• [EXERCISE INPUT]:
Definition comp_sum s (F : cnt d -> R) :=
  \sum_(r : {ffun 'I_d -> 'I_s.+1} | (\sum_(i < d) nat_of_ord (r i) == s)%N) F (tocnt r).

Lemma comp_sumE s F :
  comp_sum s F = box_sum s (fun c => if csize c == s then F c else 0).
Proof. by rewrite /comp_sum big_mkcond; apply: eq_bigr => r _; rewrite csize_tocnt. Qed.

Lemma exprD1n_widen n M : (n <= M)%N ->
  ('X + 1) ^+ n = \sum_(k < M.+1) 'X^k *+ 'C(n, k) :> {poly R}.
Proof.
move=> le_nM; rewrite exprD1n (@big_ord_widen _ _ _ n.+1 M.+1 (fun k => 'X^k *+ 'C(n, k))) //.
rewrite big_mkcond; apply: eq_bigr => k _; case: ltnP => // lt_nk.
by rewrite bin_small ?mulr0n.
Qed.

Lemma coef_exprD1n n s : (('X + 1) ^+ n : {poly R})`_s = 'C(n, s)%:R.
Proof.
rewrite (exprD1n_widen (leq_maxl n s)) coef_sum (bigD1 (inord s)) //=.
rewrite coefMn coefXn inordK ?ltnS ?leq_maxr // eqxx big1 ?addr0 // => k.
rewrite -val_eqE /= inordK ?ltnS ?leq_maxr // => /negbTE ks.
by rewrite coefMn coefXn eq_sym ks mul0rn.
Qed.

Lemma sum_prod_binomial x s : (s <= csize x)%N ->
  comp_sum s (fun r => (\prod_i 'C(x i, r i))%:R) = 'C(csize x, s)%:R.
Proof.
move=> le_sx; rewrite -coef_exprD1n {1}/csize -prodrXr.
under eq_bigr do rewrite (exprD1n_widen (leq_csize x _)).
rewrite bigA_distr_bigA coef_sum comp_sumE -(@box_sum_widen _ _ (csize x)) => [|c].
  apply: eq_bigr => f _; rewrite prodrMn prodrXr coefMn coefXn csize_tocnt eq_sym.
  case: eqP => _; last by rewrite mul0rn.
  by rewrite /= mulr1n; under eq_bigr do rewrite ffunE.
case: (csize c =P s) => [csize_c _ i|]; rewrite ?eqxx //.
by rewrite leq_min -csize_c leq_csize (leq_trans (leq_csize c i)) ?csize_c.
Qed.

Lemma hyp_ge0 x r : 0 <= hyp R x r.
Proof. by rewrite divr_ge0 ?ler0n. Qed.

Lemma hyp_supp x r : hyp R x r != 0 -> cnt_le r x.
Proof.
apply: contraNT => /forallPn[i]; rewrite -ltnNge => lt_xr.
by rewrite /hyp (bigD1 i) //= bin_small ?mul0n ?mul0r.
Qed.

Lemma sum_hyp x s : (s <= csize x)%N -> comp_sum s (hyp R x) = 1.
Proof.
move=> le_sx.
transitivity (comp_sum s (fun r => (\prod_i 'C(x i, r i))%:R) / 'C(csize x, s)%:R).
  by rewrite /comp_sum mulr_suml; apply: eq_bigr => r /eqP rs; rewrite /hyp csize_tocnt rs.
by rewrite sum_prod_binomial // divff // pnatr_eq0 -lt0n bin_gt0.
Qed.

End Hypergeometric.

Section ColourWeights.
Variables (R : realFieldType) (a : R).
Implicit Types x y r : nat.

Local Notation fact_neq0 := (natr_fact_neq0 R).

(* Colour-[i] factors of DM(x) * K(x, y) for the term of composition r, with a = alpha_i. *)
Definition level_weight x y r : R := rising a x / x`!%:R * 'C(x, r)%:R *
  (rising (a + x%:R) (y + r - x) / (y + r - x)`!%:R).

Definition downup_weight x y r : R := rising a x / x`!%:R * 'C(x, r)%:R *
  (rising (a + (x - r)%:R) (y - (x - r)) / (y - (x - r))`!%:R).

Definition updown_weight x y r : R := rising a x / x`!%:R *
  (rising (a + x%:R) (y + r - x) / (y + r - x)`!%:R) * 'C(y + r, r)%:R.

Lemma level_weightE x y r : (r <= x)%N -> (x <= y + r)%N ->
  level_weight x y r = rising a (y + r) / (r`!%:R * (x - r)`!%:R * (y + r - x)`!%:R).
Proof.
move=> le_rx le_xyr; rewrite /level_weight natr_bin_fact //.
rewrite -[in rising a (y + r)](subnKC le_xyr) risingD.
by field; rewrite !fact_neq0.
Qed.

Lemma level_weight_sym x y r : (r <= x)%N -> (x <= y + r)%N ->
  level_weight x y r = level_weight y x (y + r - x).
Proof.
move=> le_rx le_xyr; rewrite level_weightE // level_weightE; [|lia|lia].
have -> : (x + (y + r - x) = y + r)%N by lia.
have -> : (y - (y + r - x) = x - r)%N by lia.
have -> : (y + r - y = r)%N by lia.
by field; rewrite !fact_neq0.
Qed.

Lemma downup_weightE x y r : (r <= x)%N -> (x - r <= y)%N ->
  downup_weight x y r = rising a (x - r) * rising (a + (x - r)%:R) r *
    rising (a + (x - r)%:R) (y - (x - r)) /
    (r`!%:R * (x - r)`!%:R * (y - (x - r))`!%:R).
Proof.
move=> le_rx le_xry; rewrite /downup_weight natr_bin_fact //.
rewrite -[in rising a x](subnK le_rx) risingD.
by field; rewrite !fact_neq0.
Qed.

Lemma downup_weight_sym x y r : (r <= x)%N -> (x <= y + r)%N ->
  downup_weight x y r = downup_weight y x (y + r - x).
Proof.
move=> le_rx le_xyr; rewrite downup_weightE; [|lia|lia]; rewrite downup_weightE; [|lia|lia].
have -> : (y - (y + r - x) = x - r)%N by lia.
have -> : (x - (x - r) = r)%N by lia.
have -> : (y + r - x = y - (x - r))%N by lia.
by field; rewrite !fact_neq0.
Qed.

Lemma updown_weightE x y r : (x <= y + r)%N ->
  updown_weight x y r = rising a (y + r) * (y + r)`!%:R /
    (x`!%:R * (y + r - x)`!%:R * r`!%:R * y`!%:R).
Proof.
move=> le_xyr; rewrite /updown_weight natr_bin_fact ?leq_addl // addnK.
rewrite -[in rising a (y + r)](subnKC le_xyr) risingD.
by field; rewrite !fact_neq0.
Qed.

Lemma updown_weight_sym x y r : (x <= y + r)%N ->
  updown_weight x y r = updown_weight y x (y + r - x).
Proof.
move=> le_xyr; rewrite updown_weightE // updown_weightE; last lia.
have -> : (x + (y + r - x) = y + r)%N by lia.
have -> : (y + r - y = r)%N by lia.
by field; rewrite !fact_neq0.
Qed.

End ColourWeights.

Section CompositionChains.
Variables (R : realFieldType) (d : nat) (alpha : 'I_d -> R) (N s : nat).
Variable t : cnt d -> cnt d -> cnt d -> R.
Implicit Types x y c r : cnt d.

Hypothesis t_ge0 : forall x y r, 0 <= t x y r.
Hypothesis t_csize :
  forall x y r, csize x = N -> csize r = s -> t x y r != 0 -> csize y = N.
Hypothesis t_mass :
  forall x, csize x = N -> comp_sum s (fun r => box_sum N (fun y => t x y r)) = 1.
Hypothesis t_balance : forall x y r, csize x = N -> csize y = N -> csize r = s ->
  DM alpha N x * t x y r != 0 ->
  cnt_le x (cadd y r) /\ DM alpha N x * t x y r = DM alpha N y * t y x (csub (cadd y r) x).

Let flow x y c := if csize c == s then DM alpha N x * t x y c else 0.

Let match_comp x y (r : {ffun 'I_d -> 'I_s.+1}) := ofcnt s (csub (cadd y (tocnt r)) x).

Lemma match_compK x y (r : {ffun 'I_d -> 'I_s.+1}) :
    csize x = N -> csize y = N -> flow x y (tocnt r) != 0 ->
  match_comp y x (match_comp x y r) = r /\
  flow y x (tocnt (match_comp x y r)) = flow x y (tocnt r).
Proof.
rewrite /flow => csize_x csize_y.
case: (csize (tocnt r) =P s) => [csize_r|_]; last by rewrite eqxx.
case/(t_balance csize_x csize_y csize_r) => le_x_yr balance.
set r' := csub (cadd y (tocnt r)) x.
have csize_r' : csize r' = s by rewrite csize_csub // csize_cadd csize_x csize_y csize_r addKn.
have r'E : tocnt (match_comp x y r) = r'.
  by rewrite ofcntK // => i; apply: leq_trans (leq_csize _ i) _; rewrite csize_r'.
rewrite /match_comp r'E csize_r' eqxx -balance; split=> //.
suff -> : csub (cadd x r') y = tocnt r by rewrite tocntK.
by apply/ffunP=> i; have := cnt_leP _ _ le_x_yr i; rewrite !ffunE; lia.
Qed.

Lemma detailed_balance x y : csize x = N -> csize y = N ->
  DM alpha N x * comp_sum s (t x y) = DM alpha N y * comp_sum s (t y x).
Proof.
move=> csize_x csize_y; rewrite !comp_sumE /box_sum !mulr_sumr.
have flowE x' y' c : DM alpha N x' * (if csize c == s then t x' y' c else 0) = flow x' y' c.
  by rewrite /flow; case: ifP; rewrite ?mulr0.
under eq_bigr do rewrite flowE; under [RHS]eq_bigr do rewrite flowE.
by apply: (sum_support_bij (f := match_comp x y) (g := match_comp y x)) => r;
  apply: match_compK.
Qed.

Lemma reversible_chain_comp : reversible_chain alpha N (fun x y => comp_sum s (t x y)).
Proof.
have K_out x y : inX N x -> ~~ inX N y -> comp_sum s (t x y) = 0.
  move=> /eqP csize_x y_out; apply: big1 => r /eqP csize_r; apply/eqP.
  apply: contraNT y_out => t_neq0.
  by rewrite /inX (t_csize csize_x _ t_neq0) // csize_tocnt.
split=> [x y _|||x y /eqP csize_x /eqP csize_y]; last exact: detailed_balance.
- by apply: sumr_ge0 => r _; apply: t_ge0.
- exact: K_out.
move=> x x_in; rewrite -[RHS](t_mass (eqP x_in)).
transitivity (box_sum N (fun y => comp_sum s (t x y))).
  rewrite /box_sum big_mkcond; apply: eq_bigr => y _.
  by case: ifP => // /negbT /(K_out _ _ x_in).
by rewrite /box_sum /comp_sum exchange_big.
Qed.

End CompositionChains.

Section PolyaChains.
Variables (R : realFieldType) (d : nat) (alpha : 'I_d -> R).
Hypotheses (alpha_gt0 : forall i, 0 < alpha i) (d_gt0 : (0 < d)%N).
Variables (N s : nat).
Hypothesis le_sN : (s <= N)%N.
Implicit Types x y c r : cnt d.

Local Notation polya := (polya alpha).
Local Notation hyp := (hyp R).
Local Notation DM := (DM alpha N).

Let polya_ge0 := polya_ge0 alpha_gt0 d_gt0.
Let polya_supp := polya_supp alpha_gt0 d_gt0.
Let polya_mass := polya_mass alpha_gt0 d_gt0.
Let rising_asum_neq0 := rising_asum_neq0 alpha_gt0 d_gt0.
Let rising_asumD_neq0 := rising_asumD_neq0 alpha_gt0 d_gt0.

Lemma comp_sum_hyp_mul x F : csize x = N ->
    (forall r, csize r = s -> hyp x r != 0 -> F r = 1) ->
  comp_sum s (fun r => hyp x r * F r) = 1.
Proof.
move=> csize_x F_eq1; rewrite -[RHS](@sum_hyp R d x s) ?csize_x //.
apply: eq_bigr => r /eqP csize_r; rewrite -csize_tocnt in csize_r.
by have [->|/(F_eq1 _ csize_r)->] := eqVneq (hyp x (tocnt r)) 0; rewrite ?mul0r ?mulr1.
Qed.

Definition level_step x y r := hyp x r * polya s x (cadd y r).

Definition level_const := N`!%:R / rising (asum alpha) N / 'C(N, s)%:R *
  (s`!%:R / rising (asum alpha + N%:R) s).

Lemma level_step_supp x y r : level_step x y r != 0 ->
  [/\ cnt_le r x, cnt_le x (cadd y r) & csize (cadd y r) = (csize x + s)%N].
Proof.
by rewrite mulf_eq0 negb_or => /andP[/hyp_supp ? /polya_supp/andP[? /eqP]].
Qed.

Lemma level_mass x : csize x = N ->
  comp_sum s (fun r => box_sum N (fun y => level_step x y r)) = 1.
Proof.
move=> csize_x.
transitivity (comp_sum s (fun r => hyp x r * box_sum N (fun y => polya s x (cadd y r)))).
  by apply: eq_bigr => r _; rewrite /box_sum mulr_sumr.
apply: comp_sum_hyp_mul => // r csize_r /hyp_supp le_rx.
rewrite box_sum_shift_csize ?polya_mass ?csize_x ?csize_r //.
move=> c /polya_supp/andP[le_xc /eqP->].
by split; [exact: cnt_le_trans le_xc | rewrite csize_x].
Qed.

Lemma DM_level_step x y r : csize x = N -> csize r = s ->
    cnt_le r x -> cnt_le x (cadd y r) -> csize (cadd y r) = (N + s)%N ->
  DM x * level_step x y r = level_const * \prod_i level_weight (alpha i) (x i) (y i) (r i).
Proof.
move=> csize_x csize_r le_rx le_x_yr csize_yr.
rewrite /level_step polyaE ?csize_x // /polya_pmf /DM /hyp /level_const /level_weight.
rewrite csize_x csize_r; under eq_bigr do rewrite ffunE.
rewrite !natr_prod !big_split /= !prodfV.
by field; rewrite !prod_natr_fact_neq0 rising_asum_neq0 rising_asumD_neq0 natr_bin_neq0.
Qed.

Lemma level_balance x y r : csize x = N -> csize y = N -> csize r = s ->
    DM x * level_step x y r != 0 ->
  cnt_le x (cadd y r) /\
  DM x * level_step x y r = DM y * level_step y x (csub (cadd y r) x).
Proof.
move=> csize_x csize_y csize_r; rewrite mulf_eq0 negb_or => /andP[_].
case/level_step_supp=> le_rx le_x_yr; rewrite csize_x => csize_yr.
set r' := csub (cadd y r) x; split=> //.
have csize_r' : csize r' = s by rewrite csize_csub // csize_yr csize_x addKn.
have le_r'y : cnt_le r' y.
  by apply/cnt_leP=> i; have := cnt_leP _ _ le_rx i; rewrite !ffunE; lia.
have xr'E : cadd x r' = cadd y r by rewrite cadd_csubK.
have le_y_xr' : cnt_le y (cadd x r').
  by rewrite xr'E; apply/cnt_leP=> i; rewrite ffunE leq_addr.
rewrite DM_level_step // DM_level_step // ?xr'E ?csize_yr ?csize_y //.
congr (_ * _); apply: eq_bigr => i _; rewrite !ffunE level_weight_sym //.
  by rewrite (cnt_leP _ _ le_rx).
by have := cnt_leP _ _ le_x_yr i; rewrite ffunE.
Qed.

• [WORK INSTRUCTION]: Scan the material for "addKn" and copy the lines that hold it.

• [SOLUTION]:
have csize_r' : csize r' = s by rewrite csize_csub // csize_cadd csize_x csize_y csize_r addKn.
have csize_r' : csize r' = s by rewrite csize_csub // csize_yr csize_x addKn.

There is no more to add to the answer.